Он помедлил как бы на краю пропасти.

— И ты что же, обнаружил эту силу? — спросил я, чувствуя, что у меня холодные мурашки прошли по спине.

— Да.

Мы оба посидели в обморочном молчании. А потом Федор взял листок и написал довольно длинную формулу.

— И что это?

— Бог.

Должен признаться, что мне стало несколько не по себе.

— И что же он, с бородой? — спросил я дико.

— Нет, он оказался физической величиной, — деловито сказал Федя, отобрал у меня пепельницу и сжег над ней листок с формулой.

— Ф-фу! Черт! — Я нервно походил по комнате и снова сел перед Федей. — Давай дальше!

— Его зовут Ламбда, — сказал Федя.

Я нервно захохотал.

— Под названием Ламбда-члена он возник еще в уравнениях Эйнштейна как гипотетическая неуловимая сила, которая появляется как выражение внутренних свойств пространства. Эйнштейн принял ее равной нулю, поскольку, ничтожно малая по величине, в лабораторных условиях она неощутима. Но в условиях космологических она может, например, прекратить расширение Вселенной и направить это движение вспять. Понимаешь, какой отсюда вывод?

— Нет.

Он помедлил, оценивая меня.

— Если Ламбда правит всем, то править Ламбдой можем попробовать мы!

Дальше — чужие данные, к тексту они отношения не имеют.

(* Let $\mathbf{x}=(\ldots,x_{-1},x_0,x_1,\ldots)$ be commuting indeterminates indexed by $\mathbb{Z}$. Let $T=(t_{ij})$ be an $\mathbb{N}$-tableau of shape $\lambda$ and let $\widehat{T}$ be its image under the toggle map defined in the context. Then \[|\widehat{T}|_{\mathbf{x}}=\sum_{(i,j)\in\lambda}t_{ij}\,h_{\lambda}(i,j;\mathbf{x}).\]
   Context: Partitions are drawn in English notation with matrix coordinates: the box in row $i$ and column $j$ is $(i,j)$. An $\mathbb{N}$-tableau of shape $\lambda$ is an assignment of a nonnegative integer to each box of $\lambda$. The hook $H_\lambda(i,j)$ is the set of boxes $(i,j')\in\lambda$ with $j'\ge j$ together with the boxes $(i',j)\in\lambda$ with $i'\ge i$. The $\mathbf{x}$-hook-length is $h_\lambda(i,j;\mathbf{x})=\sum_{(i',j')\in H_\lambda(i,j)}x_{j'-i'}$, and the $\mathbf{x}$-weight of an $\mathbb{N}$-tableau $S=(s_{ij})$ of shape $\lambda$ is $|S|_{\mathbf{x}}=\sum_{(i,j)\in\lambda}s_{ij}x_{j-i}$. A corner box is a box $(i,j)$ such that neither $(i+1,j)$ nor $(i,j+1)$ is a box. The toggle map $T\mapsto\widehat{T}$ is defined recursively: $\widehat{\emptyset}=\emptyset$; if $T'$ is obtained from $T$ by adding a corner box $(i,j)$ (of $\mathrm{sh}(T')$) with entry $x$, then $\widehat{T'}$ is obtained from $\widehat{T}$ as follows. For $k\ge1$ let $\beta_k,\gamma_k,\alpha_k$ be the entries of $\widehat{T}$ at $(i-k,j-k)$, $(i-k+1,j-k)$, $(i-k,j-k+1)$ respectively (taken to be $0$ if the box is not in $\mathrm{sh}(T)$). Then $\widehat{T'}$ agrees with $\widehat{T}$ except that for $1\le k<\min(i,j)$ the entry at $(i-k,j-k)$ becomes $\max(\alpha_{k+1},\gamma_{k+1})+\min(\alpha_k,\gamma_k)-\beta_k$, and the entry at $(i,j)$ is $\max(\alpha_1,\gamma_1)+x$. This is independent of the order in which boxes are added. *)

(* Coordinates are 1-indexed: box (i,j), i = row, j = column. *)
From mathcomp Require Import all_boot all_order all_algebra.
Set Implicit Arguments. Unset Strict Implicit. Unset Printing Implicit Defensive.
Import GRing.Theory.
Local Open Scope ring_scope.
(* Let $(p,q)$ be a piecewise elementary pair of partial isomorphisms of $\mathbb{Q}$ and suppose the triple $(p',q',w)$ liberates $p$ in $(p,q)$. Let $u$ be a reduced word that is either empty or of the form $u=t^nv$ ($n\neq0$, product reduced) such that $uw$ is reduced (no cancellation). Then there are partial isomorphisms $p''\supseteq p'$ and $q''\supseteq q'$ such that $(p'',q'',uw)$ liberates $p$ in $(p,q)$. The same holds with $p$ and $q$ interchanged: if $(p',q',w)$ liberates $q$ in $(p,q)$ and $u$ is empty or $u=s^mv$ ($m\ne0$) with $uw$ reduced, then there are $p''\supseteq p'$, $q''\supseteq q'$ with $(p'',q'',uw)$ liberating $q$ in $(p,q)$.
   Context: A partial isomorphism of $\mathbb{Q}$ is an order-preserving bijection $p$ between finite subsets $\mathrm{dom}(p),\mathrm{ran}(p)$ of $\mathbb{Q}$; $p'\supseteq p$ means $p'$ extends $p$; $p|_I$ is the restriction of $p$ to $I\cap\mathrm{dom}(p)$; $\mathrm{Fix}(p)=\{c\in\mathrm{dom}(p):p(c)=c\}$. An open interval $(a,b)$ is $p$-increasing if $a,b\in\mathrm{dom}(p)$, $p(a)=a$, $p(b)=b$ and $p(c)>c$ for all $c\in\mathrm{dom}(p)\cap(a,b)$; $p$-decreasing likewise with $p(c)<c$; $p$-monotone means either. Writing $\mathrm{dom}(p)=\{a_0<\dots<a_n\}$, $p$ is informative if $p(a_0)=a_0$, $p(a_n)=a_n$ and there are indices $0=i_0<\dots<i_r=n$ with $p(a_{i_k})=a_{i_k}$ and each $(a_{i_k},a_{i_{k+1}})$ $p$-monotone; then $\mathrm{Ess}(p)=(\mathrm{dom}(p)\cup\mathrm{ran}(p))\setminus\{a_0,a_n\}$. A pair $(p,q)$ is piecewise elementary if $p,q$ are informative, $\min\mathrm{dom}(p)=\min\mathrm{dom}(q)$ and $\max\mathrm{dom}(p)=\max\mathrm{dom}(q)$; it is elementary if moreover $\mathrm{Fix}(p)\cap\mathrm{Fix}(q)$ consists only of this min and max. Words: $F(s,t)$ free group; for reduced $w=t^{n_k}s^{m_k}\cdots t^{n_1}s^{m_1}$, $w(p,q)(c)=q^{n_k}p^{m_k}\cdots q^{n_1}p^{m_1}(c)$ when defined (rightmost letter acts first); ''$w=t^nv$'' means the product is reduced. Liberation for elementary pairs: a triple $(p',q',w)$ with $p'\supseteq p$, $q'\supseteq q$ partial isomorphisms and $w$ reduced liberates $p$ in $(p,q)$ if: (i) $p',q'$ are informative; (ii) $\min\mathrm{dom}(p')=\min\mathrm{dom}(p)$, $\min\mathrm{dom}(q')=\min\mathrm{dom}(q)$, $\max\mathrm{dom}(p')=\max\mathrm{dom}(p)$, $\max\mathrm{dom}(q')=\max\mathrm{dom}(q)$; (iii) $w=t^nv$ with $n\neq0$; (iv) $w(p',q')(c)$ is defined for all $c\in\mathrm{Ess}(p)\cup\mathrm{Ess}(q)$ and $w(p',q')(\min(\mathrm{Ess}(p)\cup\mathrm{Ess}(q)))>\max\mathrm{Ess}(p')$; (v) there is an open interval $J$ whose right endpoint is $\max\mathrm{dom}(q)$, with $w(p',q')(c)\in J$ for all $c\in\mathrm{Ess}(p)\cup\mathrm{Ess}(q)$, and $J$ is $q'$-increasing if $n>0$ and $q'$-decreasing if $n<0$. It liberates $q$ if the same holds with roles of $p,q$ and of $s,t$ interchanged. Liberation for piecewise elementary pairs: let $a_0<\dots<a_m$ enumerate $\mathrm{Fix}(p)\cap\mathrm{Fix}(q)$ and $I_j=[a_j,a_{j+1}]$ (so each $(p|_{I_j},q|_{I_j})$ is elementary); $(p',q',w)$ liberates $p$ [resp. $q$] in $(p,q)$ if the min/max conditions (ii) hold and for every $j<m$ the triple $(p'|_{I_j},q'|_{I_j},w)$ liberates $p|_{I_j}$ [resp. $q|_{I_j}$] in $(p|_{I_j},q|_{I_j})$. *)

From HB Require Import structures.
From mathcomp Require Import all_boot all_order all_algebra.
Set Implicit Arguments. Unset Strict Implicit. Unset Printing Implicit Defensive.
Import Order.TTheory GRing.Theory Num.Theory.
Local Open Scope ring_scope.
Lemma norm_sphere_lower_bound : exists al, 0 < al /\ forall c, inner c c = 1 -> al <= N c.
Proof.
apply: NNPP => hno.
have /choice [cs hcs] : forall k : nat, exists c, inner c c = 1 /\ N c < / INR k.+1.
  move=> k; apply: NNPP => hk; apply: hno; exists (/ INR k.+1); split.
    by apply: Rinv_0_lt_compat; apply: lt_0_INR; apply/ltP.
  by move=> c hc; apply: Rnot_lt_le => hlt; apply: hk; exists c.
have hbd k j : Rabs (cs k j) <= 1.
  rewrite -Rabs_R1; apply: Rsqr_le_abs_0; rewrite /Rsqr; have := sqr_le_inner (cs k) j.
  by rewrite (proj1 (hcs k)); lra.
have [phi [c0 [hphi hcv]]] := bolzano_weierstrass_vec hbd.
have hc0 : inner c0 c0 = 1.
  apply: UL_sequence (Un_cv_big _ (fun j => CV_mult _ _ _ _ (hcv j) (hcv j))) _.
  by apply: Un_cv_ext (Un_cv_const 1) => k; rewrite -(proj1 (hcs (phi k))).
have hN0 : N c0 = 0.
  apply: UL_sequence (norm_continuous hN hcv) _.
  apply: Un_cv_dominated (Un_cv_inv_subseq hphi) => k.
  by rewrite Rminus_0_r Rabs_right; [exact: Rlt_le (proj2 (hcs (phi k))) | exact/Rle_ge/norm_ge0].
by move: hc0; rewrite (norm_eq0 hN hN0) inner0l; lra.
Qed.

Lemma norm_coord_lower_bound : exists al, 0 < al /\ forall c j, al * Rabs (c j) <= N c.
Proof.
have [al [hal hsphere]] := norm_sphere_lower_bound.
exists al; split => // c j.
have [hc0 | hcpos] := Req_dec (inner c c) 0.
  have -> : c j = 0 by have := sqr_le_inner c j; have := Rle_0_sqr (c j); rewrite /Rsqr; nra.
  by rewrite Rabs_R0 Rmult_0_r; exact: norm_ge0.
set s := sqrt (inner c c).
have hs : 0 < s by apply: sqrt_lt_R0; have := inner_ge0 c; lra.
have hss : s * s = inner c c := sqrt_sqrt _ (inner_ge0 c).
have hcj : Rabs (c j) <= s.
  rewrite -(Rabs_right s); last lra.
  by apply: Rsqr_le_abs_0; rewrite /Rsqr hss; exact: sqr_le_inner.
have hunit : inner (vscale (/ s) c) (vscale (/ s) c) = 1.
  by rewrite inner_scalel inner_scaler -hss; field; lra.
have := hsphere _ hunit; rewrite (normZ hN) Rabs_right; last first.
  by apply: Rle_ge; apply: Rlt_le; apply: Rinv_0_lt_compat.
move=> h; have hNc : al * s <= N c.
  by have := Rmult_le_compat_l s _ _ (Rlt_le _ _ hs) h; rewrite -Rmult_assoc Rinv_r; lra.
by have := Rabs_pos (c j); nra.
Qed.

End CoordinateBounds.

Lemma sup_attained m (S : vec m -> R -> Prop) (B T : R) :
  (forall c t, S c t -> (forall j, Rabs (c j) <= B) /\ t <= T) ->
  (exists c t, S c t) ->
  (forall cs ts c t, (forall k, S (cs k) (ts k)) ->
     (forall j, Un_cv (fun k => cs k j) (c j)) -> Un_cv ts t -> S c t) ->
  exists c0 v, S c0 v /\ forall c t, S c t -> t <= v.
Proof.
move=> hbd [c1 [t1 hS1]] hclosed.
have [v [hv_ub hv_least]] : {v | is_lub (fun t => exists c, S c t) v}.
  by apply: completeness; [exists T => t [c /hbd []] | exists t1, c1].
have /choice [ct hct] : forall k : nat, exists ct : vec m * R, S ct.1 ct.2 /\ v - / INR k.+1 < ct.2.
  move=> k; apply: NNPP => hno.
  have : 0 < / INR k.+1 by apply: Rinv_0_lt_compat; apply: lt_0_INR; apply/ltP.
  suff : v <= v - / INR k.+1 by lra.
  by apply: hv_least => t [c hc]; apply: Rnot_lt_le => ht; apply: hno; exists (c, t).
have [phi [c0 [hphi hcv]]] := bolzano_weierstrass_vec (fun k => proj1 (hbd _ _ (proj1 (hct k)))).
exists c0, v; split; last by move=> c t hc; apply: hv_ub; exists c.
apply: (hclosed (fun k => (ct (phi k)).1) (fun k => (ct (phi k)).2)) => //.
  by move=> k; exact: (proj1 (hct (phi k))).
apply: Un_cv_dominated (Un_cv_inv_subseq hphi) => k.
have [hS hlow] := hct (phi k); have := hv_ub _ (ex_intro _ _ hS).
by move=> hup; rewrite Rabs_left1; lra.
Qed.

Definition sublinear {d} (p : vec d -> R) : Prop :=
  (forall a b, p (vadd a b) <= p a + p b) /\ (forall r a, 0 < r -> p (vscale r a) = r * p a).

Definition subspace {d} (M : vec d -> Prop) : Prop :=
  M vzero /\ (forall a b, M a -> M b -> M (vadd a b)) /\ (forall r a, M a -> M (vscale r a)).

Definition linear_on {d} (M : vec d -> Prop) (f : vec d -> R) : Prop :=
  (forall a b, M a -> M b -> f (vadd a b) = f a + f b) /\
  (forall r a, M a -> f (vscale r a) = r * f a).

Lemma linear_on_lincomb d m (M : vec d -> Prop) f (b : 'I_m -> vec d) c :
  subspace M -> linear_on M f -> (forall j, M (b j)) ->
  M (lincomb c b) /\ f (lincomb c b) = \big[Rplus/0]_(j < m) (c j * f (b j)).
Proof.
move=> [M0 [Madd Mscale]] [fadd fscale] hb; rewrite lincomb_bigv.
elim/big_rec2: _ => [|j s x _ [hx <-]].
  split => //; have -> : vzero = vscale 0 (vzero : vec d) by vec_field.
  by rewrite fscale //; ring.
split; first by apply: Madd => //; exact: Mscale.
by rewrite fadd ?fscale //; exact: Mscale.
Qed.

Section HahnBanach.
Variables (d : nat) (p : vec d -> R).
Hypothesis hp : sublinear p.

Definition dominated (M : vec d -> Prop) (f : vec d -> R) : Prop := forall z, M z -> f z <= p z.

Record extension (M : vec d -> Prop) (f : vec d -> R) (M' : vec d -> Prop) (f' : vec d -> R) :
  Prop := {
  ext_subspace : subspace M';
  ext_linear : linear_on M' f';
  ext_dominated : dominated M' f';
  ext_incl : forall z, M z -> M' z /\ f' z = f z }.

Lemma extension_trans M f M1 f1 M2 f2 :
  extension M f M1 f1 -> extension M1 f1 M2 f2 -> extension M f M2 f2.
Proof.
move=> [_ _ _ h1] [s2 l2 d2 h2]; split => // z /h1 [/h2 [hz <-] <-]; exact: (conj hz erefl).
Qed.

Lemma extension_refl M f : subspace M -> linear_on M f -> dominated M f -> extension M f M f.
Proof. by move=> hM hf hdom; split. Qed.

Section OneDimension.
Variables (M : vec d -> Prop) (f : vec d -> R) (x : vec d).
Hypotheses (hM : subspace M) (hf : linear_on M f) (hdom : dominated M f).

(* [c] is admissible iff [f' (m + t x) := f m + t c] is dominated by [p] on [M + R x]. *)
Definition admissible (c : R) : Prop :=
  forall m, M m -> f m - p (vsub m x) <= c /\ c <= p (vadd m x) - f m.

Lemma hb_admissible_exists : exists c, admissible c.
Proof.
have key m1 m2 : M m1 -> M m2 -> f m1 - p (vsub m1 x) <= p (vadd m2 x) - f m2.
  move=> h1 h2; have := hp.1 (vsub m1 x) (vadd m2 x).
  have -> : vadd (vsub m1 x) (vadd m2 x) = vadd m1 m2 by vec_field.
  by have := hdom (hM.2.1 _ _ h1 h2); rewrite hf.1 //; lra.
have [c [hc_ub hc_least]] : {c | is_lub (fun s => exists m, M m /\ s = f m - p (vsub m x)) c}.
  apply: completeness.
    by exists (p (vadd vzero x) - f vzero) => s [m [hm ->]]; exact: key hm hM.1.
  by exists (f vzero - p (vsub vzero x)), vzero; split => //; exact: hM.1.
exists c => m hm; split; first by apply: hc_ub; exists m.
by apply: hc_least => s [m1 [hm1 ->]]; exact: key.
Qed.

Lemma admissible_dominated c m t :
  admissible c -> M m -> f m + t * c <= p (vadd m (vscale t x)).
Proof.
move=> hc hm.
have [ht | [-> | ht]] := Rtotal_order t 0.
- have hm' := hM.2.2 (/ - t) _ hm.
  have -> : vadd m (vscale t x) = vscale (- t) (vsub (vscale (/ - t) m) x) by vec_field.
  rewrite hp.2; last lra.
  have := (hc _ hm').1; rewrite hf.2 // => h.
  have := Rmult_le_compat_l (- t) _ _ (Rlt_le _ _ (Ropp_0_gt_lt_contravar _ ht)) h.
  by rewrite Rmult_minus_distr_l -Rmult_assoc Rinv_r; lra.
- have -> : vadd m (vscale 0 x) = m by vec_field.
  by rewrite Rmult_0_l Rplus_0_r; exact: hdom.
- have hm' := hM.2.2 (/ t) _ hm.
  have -> : vadd m (vscale t x) = vscale t (vadd (vscale (/ t) m) x) by vec_field.
  rewrite hp.2 //.
  have := (hc _ hm').2; rewrite hf.2 // => h.
  have := Rmult_le_compat_l t _ _ (Rlt_le _ _ ht) h.
  by rewrite Rmult_minus_distr_l -(Rmult_assoc t) Rinv_r; lra.
Qed.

Он не мигая смотрел на меня, а я — на кирпичную будку бойлерной, построенную против окон его кооперативной квартиры.

И хотя Федя недоверчиво относился к моим умственным способностям, я понял, что эта минута, возможно, и есть тот самый миг, о котором грезило человечество. И мне, человеку из толпы, представляющему не только нынешнее, но и ушедшее человечество, предъявлено то откровение, в смутном предчувствии которого протекли тысячи лет. Я выбран, чтобы за нынешних, прошедших и будущих ощутить первым безумное, чуть злорадное, сатанинское торжество, упоение безграничной, незримой властью над всем, над бесконечностью, превращающейся отныне как бы в перспективу твоей собственной квартиры. Вплотную подошло то, что человек предвидел, называя себя венцом творения и царем природы. И если Моисей в момент получения откровения пал на колени, или воздел руки, или, не помню уж, что он там делал, но, во всяком случае, изо всех сил демонстрировал, что он верный раб, слуга и холоп, то теперь наступило обратное, и я должен ощутить себя господином, мессией, добравшимся до власти над самим богом. Но вместо вознесенности над миром и безмерного торжества я ощутил громадность потери. Как будто потерял отца, и теперь не к кому в положении крайнем обратить взгляд, полный мольбы и надежды. Сам взрослый, и кругом беспощадность.

Я вытер лицо платком и вдруг возмутился. Оскорбился тем, что меня, взрослого, образованного, опытного человека, на какой-то миг заставили поверить во всю эту чепуху.

— Нет, стой! — вскричал я каким-то склочным, базарным голосом человека, которого нагло пытаются облапошить. — А при чем тут тогда эта... как ее?.. релятивная скорость, которая... Да и нынешние космические аппараты — плохи, да? А Ламбда поможет сделать другие?!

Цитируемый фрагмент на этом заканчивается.